3. 6100 sayılı HMK’nın 297/2 nci maddesi gereğince; hükmün sonuç kısmında, gerekçeye ait herhangi bir söz tekrar edilmeksizin, taleplerden her biri hakkında verilen hükümle, taraflara yüklenen borç ve tanınan hakların, sıra numarası altında; açık, şüphe ve tereddüt uyandırmayacak şekilde gösterilmesi gereklidir.

3. Değerlendirme
1. Tarafların iddia, savunma ve dayandıkları belgelere, uyuşmazlığın hukuki nitelendirilmesi ile uygulanması gereken hukuk kurallarına, dava şartlarına, yargılamaya hâkim olan ilkelere, ispat kurallarına ve temyiz olunan kararda belirtilen gerekçelere göre Davalı …’un aşağıdaki paragrafların kapsamı dışındaki temyiz itirazları yerinde görülmemiştir.

2. Mahkemece davanın kabulüne karar verilmiş olmasında bir isabetsizlik bulunmamakta ise de; “muris Zeynep Bozcuk’dan davalılara intikal eden hisselerin iptali ile davacı adına tesciline” şeklinde kurulan hükmün bu haliyle tapuda infazı mümkün değildir.
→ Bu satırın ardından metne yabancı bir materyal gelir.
Lemma is_RInt_cells_telescope N (f G : R -> R) : (1 <= N)%nat ->
  (forall i, (1 <= i <= N)%nat ->
     is_RInt f (node N (i - 1)) (node N i) (G (node N i) - G (node N (i - 1)))) ->
  is_RInt f 0 1 (G 1 - G 0).
Proof.
  intros HN Hf.
  assert (Hm : forall m, (m <= N)%nat -> is_RInt f 0 (node N m) (G (node N m) - G 0)).
  { induction m as [|m IH]; intros Hm.
    - rewrite node_0, Rminus_diag. apply (is_RInt_point (V := R_NormedModule)).
    - replace (G (node N (S m)) - G 0)
        with (plus (G (node N m) - G 0) (G (node N (S m)) - G (node N m))) by (cbn; ring).
      apply (is_RInt_Chasles (V := R_NormedModule) _ _ (node N m)); [apply IH; lia|].
      specialize (Hf (S m) ltac:(lia)). now rewrite Nat.sub_succ, Nat.sub_0_r in Hf. }
  rewrite <- (node_N N HN). now apply Hm.
Qed.

Lemma ip_comm f g : ip f g = ip g f.
Proof. apply RInt_ext. intros x _. apply Rmult_comm. Qed.
(* Let $T$ be a bounded saturation theory, let $G$ and $E$ be finite sets of predicates of $T$, and let $\tau_e := \mathit{SDP}_T(G,E)$. Then for every subset $G' \subseteq G$, $[\tau_e]_{G'} = {\tt true}$ if and only if $\mathit{DP}_T(G' \cup \widetilde{E})$ returns UNSATISFIABLE.
   Context: A predicate is an atomic formula or its negation; a finite set of predicates is identified with the conjunction of its elements. The theory $T$ comes with inference rules; a rule instance is written $g \mathrel{:-} g_1,\dots,g_k$, meaning that $g$ (a predicate, or the contradiction symbol $\bot$) can be derived in one step from predicates $g_1,\dots,g_k$. For a set $H$ of predicates, $\widetilde{H} := \{\neg h : h \in H\}$. Saturation procedure $\mathrm{Sat}_N(H)$ (for a finite set $H$ of predicates and integer $N\ge 0$): (1) $W := H$. (2) Repeat $N$ times: set $W' := W$; for every predicate $g \notin W'$ for which there is a rule instance $g \mathrel{:-} g_1,\dots,g_k$ with all $g_j \in W'$, add $g$ to $W$. (3) If there is a rule instance $\bot \mathrel{:-} g_1,\dots,g_k$ with all $g_j\in W$, return UNSATISFIABLE, otherwise SATISFIABLE. $T$ is a bounded saturation theory if there is a function $d_T$ assigning to each finite set $H$ of predicates a natural number $d_T(H)$ such that for every $N \ge d_T(H)$, $\mathrm{Sat}_N(H)$ returns UNSATISFIABLE iff $H$ is unsatisfiable in $T$. Write $\mathit{DP}_T(H) := \mathrm{Sat}_{d_T(H)}(H)$ and, for a finite set $S$, $D_T(S) := \max\{d_T(S') : S' \subseteq S\}$. Symbolic decision procedure $\mathit{SDP}_T(G,E)$: introduce a Boolean variable $b_g$ for each $g\in G$ (the set $B_G$). Let $N := D_T(G\cup\widetilde{E})$. (1) $W := G \cup \widetilde{E}$; set $\tau_{(g,0)} := b_g$ for $g\in G$ and $\tau_{(\neg e_i,0)} := {\tt true}$ for $e_i\in E$. (2) For $i = 1,\dots,N$: $W' := W$; set $S(g) := \emptyset$ for every predicate $g$; for every $g\in W'$ add $\tau_{(g,i-1)}$ to $S(g)$; for every predicate $g$ and every rule instance $g \mathrel{:-} g_1,\dots,g_k$ with all $g_m \in W'$, add the conjunction $\bigwedge_{m=1}^k \tau_{(g_m,i-1)}$ to $S(g)$ and add $g$ to $W$; then for each $g \in W$ set $\tau_{(g,i)} := \bigvee_{d\in S(g)} d$ and $\tau_{(g,\top)} := \tau_{(g,i)}$. (3) Let $S(e)$ be the set of conjunctions $\bigwedge_{m=1}^k \tau_{(g_m,\top)}$ over all rule instances $\bot \mathrel{:-} g_1,\dots,g_k$ with $\{g_1,\dots,g_k\}\subseteq W$, and set $\tau_e := \bigvee_{d\in S(e)} d$ (empty disjunction is ${\tt false}$). (4) Return $\tau_e$, a negation-free Boolean expression (with shared subexpressions) whose leaves are in $B_G$ or are constants. For a Boolean expression $\tau$ with leaves in $B_G$ and $G'\subseteq G$, $[\tau]_{G'}$ is the truth value of $\tau$ obtained by replacing each leaf $b_g$ by ${\tt true}$ if $g\in G'$ and ${\tt false}$ otherwise, with $\wedge,\vee$ interpreted as usual. *)

From HB Require Import structures.
From mathcomp Require Import all_boot all_order.
From mathcomp Require Import finmap.
Set Implicit Arguments. Unset Strict Implicit. Unset Printing Implicit Defensive.
Local Open Scope fset_scope.

(* Negation-free Boolean expressions with leaves b_v (v : V) or constants.
   Conjunctions/disjunctions are indexed by an arbitrary index type (in the
   intended use these are finite). *)
Inductive bexpr (V : Type) : Type :=
| BVar of V
| BConst of bool
| BAnd (I : Type) of (I -> bexpr V)
| BOr (I : Type) of (I -> bexpr V).

Arguments BConst {V} b.

Fixpoint beval (V : Type) (rho : V -> bool) (t : bexpr V) : Prop :=
  match t with
  | BVar v => rho v
  | BConst b => b
  | BAnd _ f => forall i, beval rho (f i)
  | BOr _ f => exists i, beval rho (f i)
  end.

Section Theory.
(* A theory: predicates P, the negation operation on predicates,
   rule instances  rule (Some g) gs  meaning  g :- gs, and  rule None gs
   meaning  bot :- gs, and the semantic notion "H is unsatisfiable in T". *)
Variables (P : choiceType) (neg : P -> P)
          (rule : option P -> seq P -> Prop) (unsat : {fset P} -> Prop).

Definition tilde (H : {fset P}) : {fset P} := [fset neg h | h in H].

Fixpoint satW (N : nat) (H : {fset P}) : P -> Prop :=
  match N with
  | 0 => fun g => g \in H
  | N'.+1 => fun g => satW N' H g \/
      exists gs, rule (Some g) gs /\ forall x, x \in gs -> satW N' H x
  end.

Definition Sat_unsat (N : nat) (H : {fset P}) : Prop :=
  exists gs, rule None gs /\ forall x, x \in gs -> satW N H x.

Definition bounded_saturation (d : {fset P} -> nat) : Prop :=
  forall (H : {fset P}) (N : nat), d H <= N -> (Sat_unsat N H <-> unsat H).

Definition DP_unsat (d : {fset P} -> nat) (H : {fset P}) : Prop :=
  Sat_unsat (d H) H.

Definition Dmax (d : {fset P} -> nat) (S : {fset P}) : nat :=
  \max_(S' <- fpowerset S) d S'.

Section SDP.
Variables (G E : {fset P}).
Let W0 : {fset P} := G `|` tilde E.

Fixpoint tau (i : nat) (g : P) : bexpr P :=
  match i with
  | 0 => if g \in tilde E then BConst true
         else if g \in G then BVar g else BConst false
  | i'.+1 =>
      BOr (fun k : (satW i' W0 g +
                    {gs : seq P | rule (Some g) gs /\
                                  forall x, x \in gs -> satW i' W0 x})%type =>
             match k with
             | inl _ => tau i' g
             | inr s => BAnd (fun x : {x : P | x \in sval s} => tau i' (sval x))
             end)
  end.

Definition SDP_N (d : {fset P} -> nat) : nat := Dmax d W0.

Definition SDP (d : {fset P} -> nat) : bexpr P :=
  let N := SDP_N d in
  BOr (fun s : {gs : seq P | rule None gs /\ forall x, x \in gs -> satW N W0 x} =>
         BAnd (fun x : {x : P | x \in sval s} => tau N (sval x))).
End SDP.
End Theory.

(* The Boolean expression tau_(g,i), evaluated at G', holds exactly when g is
   in the i-th saturation round started from G' ∪ ~E: the disjuncts of tau are
   indexed by derivations from the larger set G ∪ ~E, but every derivation from
   G' ∪ ~E is one of them because saturation is monotone in its starting set,
   while leaves b_g with g outside G' evaluate to false.  Hence [tau_e]_G'
   holds iff Sat_N(G' ∪ ~E) is UNSATISFIABLE for N = D_T(G ∪ ~E), and since
   N >= d_T(G' ∪ ~E), bounded saturation makes this answer agree with
   DP_T(G' ∪ ~E). *)
From mathcomp Require Import all_boot all_order.
From mathcomp Require Import finmap.
Set Implicit Arguments.
Unset Strict Implicit.
Local Open Scope fset_scope.

Section Saturation.
Variables (P : choiceType) (rule : option P -> seq P -> Prop).

Lemma satWS (H1 H2 : {fset P}) : H1 `<=` H2 ->
  forall i g, satW rule i H1 g -> satW rule i H2 g.
Proof.
move=> sH12; elim=> [|i IH] g /=; first exact: (fsubsetP sH12).
case=> [h|[gs [r h]]]; first by left; apply: IH.
by right; exists gs; split=> // x /h; apply: IH.
Qed.

Lemma Sat_unsat_bounded (unsat : {fset P} -> Prop) (d : {fset P} -> nat)
    (H : {fset P}) (N : nat) :
  bounded_saturation rule unsat d -> d H <= N ->
  Sat_unsat rule N H <-> DP_unsat rule d H.
Proof. by move=> hT leHN; rewrite /DP_unsat (hT _ _ leHN) (hT _ _ (leqnn _)). Qed.

Lemma leq_Dmax (d : {fset P} -> nat) (S S' : {fset P}) :
  S' `<=` S -> d S' <= Dmax d S.
Proof.
move=> sS'S; apply: (@leq_bigmax_seq _ _ _ (fun X => d X)) => //.
by rewrite fpowersetE.
Qed.

End Saturation.

Section SymbolicDecisionProcedure.
Variables (P : choiceType) (neg : P -> P) (rule : option P -> seq P -> Prop).
Variables (G E G' : {fset P}).
Hypothesis sG'G : G' `<=` G.

Let in_G' (g : P) : bool := g \in G'.

Let sW0 : G' `|` tilde neg E `<=` G `|` tilde neg E := fsetSU _ sG'G.

Lemma beval_tau i g :
  beval in_G' (tau neg rule G E i g) <-> satW rule i (G' `|` tilde neg E) g.
Proof.
elim: i g => [|i IH] g /=.
  rewrite in_fsetU /in_G'.
  have [_|_] := boolP (g \in tilde neg E); first by rewrite orbT.
  rewrite orbF; have [//|notG] := boolP (g \in G).
  by split=> // inG'; case/negP: notG; apply: (fsubsetP sG'G).
split.
  case=> -[_ /IH|[gs [r h]] hb]; first by left.
  by right; exists gs; split=> // x xin; apply/IH/(hb (exist _ x xin)).
case=> [h|[gs [r h]]].
  by exists (inl (satWS sW0 h)); apply/IH.
pose hW x (xin : x \in gs) := satWS sW0 (h x xin).
by exists (inr (exist _ gs (conj r hW))) => -[x xin]; apply/IH/h.
Qed.

Lemma beval_SDP d :
  beval in_G' (SDP neg rule G E d) <->
  Sat_unsat rule (SDP_N neg G E d) (G' `|` tilde neg E).
Proof.
split.
  case=> -[gs [r h]] /= hb; exists gs; split=> // x xin.
  exact/beval_tau/(hb (exist _ x xin)).
case=> gs [r h].
pose hW x (xin : x \in gs) := satWS sW0 (h x xin).
by exists (exist _ gs (conj r hW)) => -[x xin]; apply/beval_tau/h.
Qed.

End SymbolicDecisionProcedure.

Theorem theorem3p3 (P : choiceType) (neg : P -> P)
    (rule : option P -> seq P -> Prop) (unsat : {fset P} -> Prop)
    (d : {fset P} -> nat) (hT : bounded_saturation rule unsat d)
    (G E : {fset P}) (G' : {fset P}) (hG' : G' `<=` G) :
  beval (fun g => g \in G') (SDP neg rule G E d) <->
  DP_unsat rule d (G' `|` tilde neg E).
Proof.
rewrite (beval_SDP neg rule E hG').
apply: Sat_unsat_bounded hT _.
exact/leq_Dmax/fsetSU.
Qed.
3. Hal böyle olunca, mahkemece gayrimenkul satış vaadi sözleşmesine konu payın yüzdelik oran ile belirlenerek tapuda infaza elverişli şekilde karar verilmesi gerekirken yazılı şekilde karar verilmesi doğru görülmemiş; bu nedenlerle hükmün bozulması gerekmiştir.

VI. KARAR
Açıklanan sebeplerle;
1. Temyiz olunan, İlk Derece Mahkemesi kararına karşı istinaf başvurusunun esastan reddine ilişkin Bölge Adliye Mahkemesi kararının ORTADAN KALDIRILMASINA,

2. İlk Derece Mahkemesi kararının BOZULMASINA,

Peşin alınan temyiz karar harcının istek hâlinde ilgiliye iadesine,

Dosyanın İlk Derece Mahkemesine, kararın bir örneğinin Bölge Adliye Mahkemesine gönderilmesine,

08.05.2023 tarihinde oy birliğiyle karar verildi.